03 abr 2019 / 10:55 H.

De qué nos sirve que en las aulas enseñemos a nuestro alumnado que huyan de lo superficial, que den importancia a lo virtuoso, que tengan como premisa el respeto por encima de todas las cosas, al compañero, compañera, vecindad, ancianos, ancianas...? Al final nos topamos de lleno con un muro impuesto por la nueva sociedad que en algunos aspectos ensucia, no abrillanta y, por supuesto, lo esplendoroso no es algo prioritario en su nueva esencia. Hago mis cábalas y llego a la siguiente conclusión: O se es fuerte de espíritu, maduro, profundamente maduro, con las ideas claras y con la sensatez como timón de nuestra vida, o estamos realmente perdidos frente a lo absurdo e, incluso, lo soez en su más lato sentido dentro de lo que, espero, no se venga a convertir en lo habitual. Sin ir más lejos, no hace mucho fui a comprarme un pantalón y me di cuenta de que las antiguas tallas, las de toda la vida, están desapareciendo o se han trastrocado en vaya usted a saber qué. Me di de bruces cuando me insinuaba la simpática dependienta que estaba un poquito relleno y que en esa marca no encontraría nada a mi medida. Fui a otro sello comercial y, educadamente, me aconsejaban que fuera a unos conocidísimos grandes almacenes porque allí, probablemente, encontraría algún producto a mi medida. A todo esto, no pienses que peso cien kilos, pero si así fuera, ¿qué? La sociedad castiga a quien no se muestre sumiso a los cánones de belleza, ya ven: Todo el mundo come sano, va al “gym”, en lugar de al gimnasio, y exhibe móviles de última generación. Pero esto es nimio, al fin y al cabo, lo peor está por llegar, y si no, ¿qué me dicen ahora con esto de ceder el asiento a la embarazada, el “pase usted primero”, sea hombre o mujer, o “permítame, que le quite el abrigo”, uno podría ser sospechoso de machista. Sí, sé de lo que hablo, me ha ocurrido en alguna ocasión.
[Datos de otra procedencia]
(* Let $n_1,n_2,n_3$ be integers with $3\le n_1,n_2\le n_3$, let $W$ be a basic landmark system for $K(\mathbf{n})$, and let $u=(n_1+1,n_2+1,n_3+1)$. Then $W\cup\{u\}$ is a resolving set of $K(\mathbf{n}+\mathbf{1})=K_{n_1+1}\times K_{n_2+1}\times K_{n_3+1}$ if and only if the landmark graph $\mathcal{G}(W)$ contains no bad $4$-cycle, no plain hex, and no rainbow $2$-$2$-triangle.
   Context: $K(\mathbf{n})=K_{n_1}\times K_{n_2}\times K_{n_3}$ is the direct product of complete graphs: vertices are triples $(x_1,x_2,x_3)$, $1\le x_i\le n_i$, adjacent iff they differ in every coordinate. A set $W$ of vertices is resolving if for every two distinct vertices $x,y\notin W$ some $w\in W$ has $d(x,w)\neq d(y,w)$ ($d$ = graph distance). Landmark graph: $W_{i,a}=\{w\in W: w_i=a\}$; $\mathcal{G}(W)$ is the hypergraph on $W$ whose hyperedges are the nonempty $W_{i,a}$, each colored $i$. A stick is a hyperedge with exactly two vertices, poofy if at least three. Basic landmark system for $K(\mathbf{n})$: a vertex set $W$ such that (1) $W_{i,a}\neq\emptyset$ for all $i\in\{1,2,3\}$, $1\le a\le n_i$; (2) $|W_{i,a}|\ge 2$ for all such $i,a$; (3) $|W_{i,a}\cap W_{j,b}|\le 1$ whenever $i\ne j$. Bad $4$-cycle: distinct $w_1,\dots,w_4\in W$ and $\{i,j,k\}=\{1,2,3\}$ such that $\{w_1,w_2\}$, $\{w_3,w_4\}$ are hyperedges of color $i$, $w_2,w_3$ lie in a common hyperedge of color $j$, and $w_4,w_1$ lie in a common hyperedge of color $k$. Plain hex: distinct $w_1,\dots,w_6\in W$ and an ordering $(i,j,k)$ of $\{1,2,3\}$ with $\{w_1,w_2\},\{w_4,w_5\}$ hyperedges of color $i$, $\{w_2,w_3\},\{w_5,w_6\}$ of color $j$, $\{w_3,w_4\},\{w_6,w_1\}$ of color $k$. Rainbow $2$-$2$-triangle: distinct $w_1,w_2,w_3\in W$ and $\{i,j,k\}=\{1,2,3\}$ with $\{w_1,w_2\}$ a hyperedge of color $i$, $\{w_2,w_3\}$ a hyperedge of color $j$, and $w_1,w_3$ in a common hyperedge of color $k$. *)

From mathcomp Require Import all_boot.
Set Implicit Arguments. Unset Strict Implicit. Unset Printing Implicit Defensive.

(* Vertices of K(n1,n2,n3): triples of ordinals; the value a : 'I_n encodes
   the paper's coordinate a+1 (0-based indexing). *)
Definition vtx (n1 n2 n3 : nat) : finType := ('I_n1 * 'I_n2 * 'I_n3)%type.

(* i-th coordinate (i = 0,1,2 stands for the paper's 1,2,3), as a nat *)
Definition crd n1 n2 n3 (x : vtx n1 n2 n3) (i : 'I_3) : nat :=
  match nat_of_ord i with
  | 0 => nat_of_ord x.1.1
  | 1 => nat_of_ord x.1.2
  | _ => nat_of_ord x.2
  end.

Definition nsz (n1 n2 n3 : nat) (i : 'I_3) : nat :=
  match nat_of_ord i with 0 => n1 | 1 => n2 | _ => n3 end.

Definition Kadj n1 n2 n3 : rel (vtx n1 n2 n3) :=
  fun x y => [forall i : 'I_3, crd x i != crd y i].

Fixpoint walk (T : finType) (e : rel T) (k : nat) (x y : T) : bool :=
  match k with
  | 0 => x == y
  | k'.+1 => [exists z, e x z && walk e k' z y]
  end.

(* graph distance: Some (length of a shortest walk), None if unreachable.
   A shortest walk has length < #|T|, so searching in [0, #|T|) suffices. *)
Definition gdist (T : finType) (e : rel T) (x y : T) : option nat :=
  let s := iota 0 #|T| in
  if has (fun k => walk e k x y) s then Some (find (fun k => walk e k x y) s)
  else None.

Definition resolving (T : finType) (e : rel T) (W : {set T}) : Prop :=
  forall x y : T, x \notin W -> y \notin W -> x <> y ->
    exists2 w, w \in W & gdist e x w <> gdist e y w.

Definition Wia n1 n2 n3 (W : {set vtx n1 n2 n3}) (i : 'I_3) (a : nat)
  : {set vtx n1 n2 n3} := [set w in W | crd w i == a].

Definition basic_landmark n1 n2 n3 (W : {set vtx n1 n2 n3}) : Prop :=
  (forall (i : 'I_3) (a : nat), a < nsz n1 n2 n3 i -> Wia W i a != set0) /\
  (forall (i : 'I_3) (a : nat), a < nsz n1 n2 n3 i -> 2 <= #|Wia W i a|) /\
  (forall (i j : 'I_3) (a b : nat), i != j -> #|Wia W i a :&: Wia W j b| <= 1).

(* S is a hyperedge of color i of the landmark graph G(W) *)
Definition hedge n1 n2 n3 (W : {set vtx n1 n2 n3}) (i : 'I_3)
  (S : {set vtx n1 n2 n3}) : Prop :=
  exists a : nat, Wia W i a = S /\ S != set0.

Definition stick n1 n2 n3 (W : {set vtx n1 n2 n3}) (i : 'I_3) (x y : vtx n1 n2 n3)
  : Prop := hedge W i [set x; y].

Definition cohedge n1 n2 n3 (W : {set vtx n1 n2 n3}) (i : 'I_3) (x y : vtx n1 n2 n3)
  : Prop := exists S, hedge W i S /\ x \in S /\ y \in S.

Definition bad4cycle n1 n2 n3 (W : {set vtx n1 n2 n3}) : Prop :=
  exists (w1 w2 w3 w4 : vtx n1 n2 n3) (i j k : 'I_3),
    [/\ uniq [:: w1; w2; w3; w4], all (mem W) [:: w1; w2; w3; w4],
        uniq [:: i; j; k] &
        [/\ stick W i w1 w2, stick W i w3 w4, cohedge W j w2 w3 & cohedge W k w4 w1]].

Definition plainhex n1 n2 n3 (W : {set vtx n1 n2 n3}) : Prop :=
  exists (w1 w2 w3 w4 w5 w6 : vtx n1 n2 n3) (i j k : 'I_3),
    [/\ uniq [:: w1; w2; w3; w4; w5; w6], all (mem W) [:: w1; w2; w3; w4; w5; w6],
        uniq [:: i; j; k] &
        [/\ stick W i w1 w2, stick W i w4 w5, stick W j w2 w3, stick W j w5 w6 &
            (stick W k w3 w4 /\ stick W k w6 w1)]].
La verdad es que uno ya no sabe por dónde tirar, sin embargo, seguiré pensando siempre que la buena educación hay que ponerla en práctica hacia cualquier persona, más allá de su piel, de su religión, de su sexo y de su ideología. Por ello, si me acusaran por un lado de ser gordo, y por otro de ser cortés, me declaro, ¡cómo no!, culpable, señoría.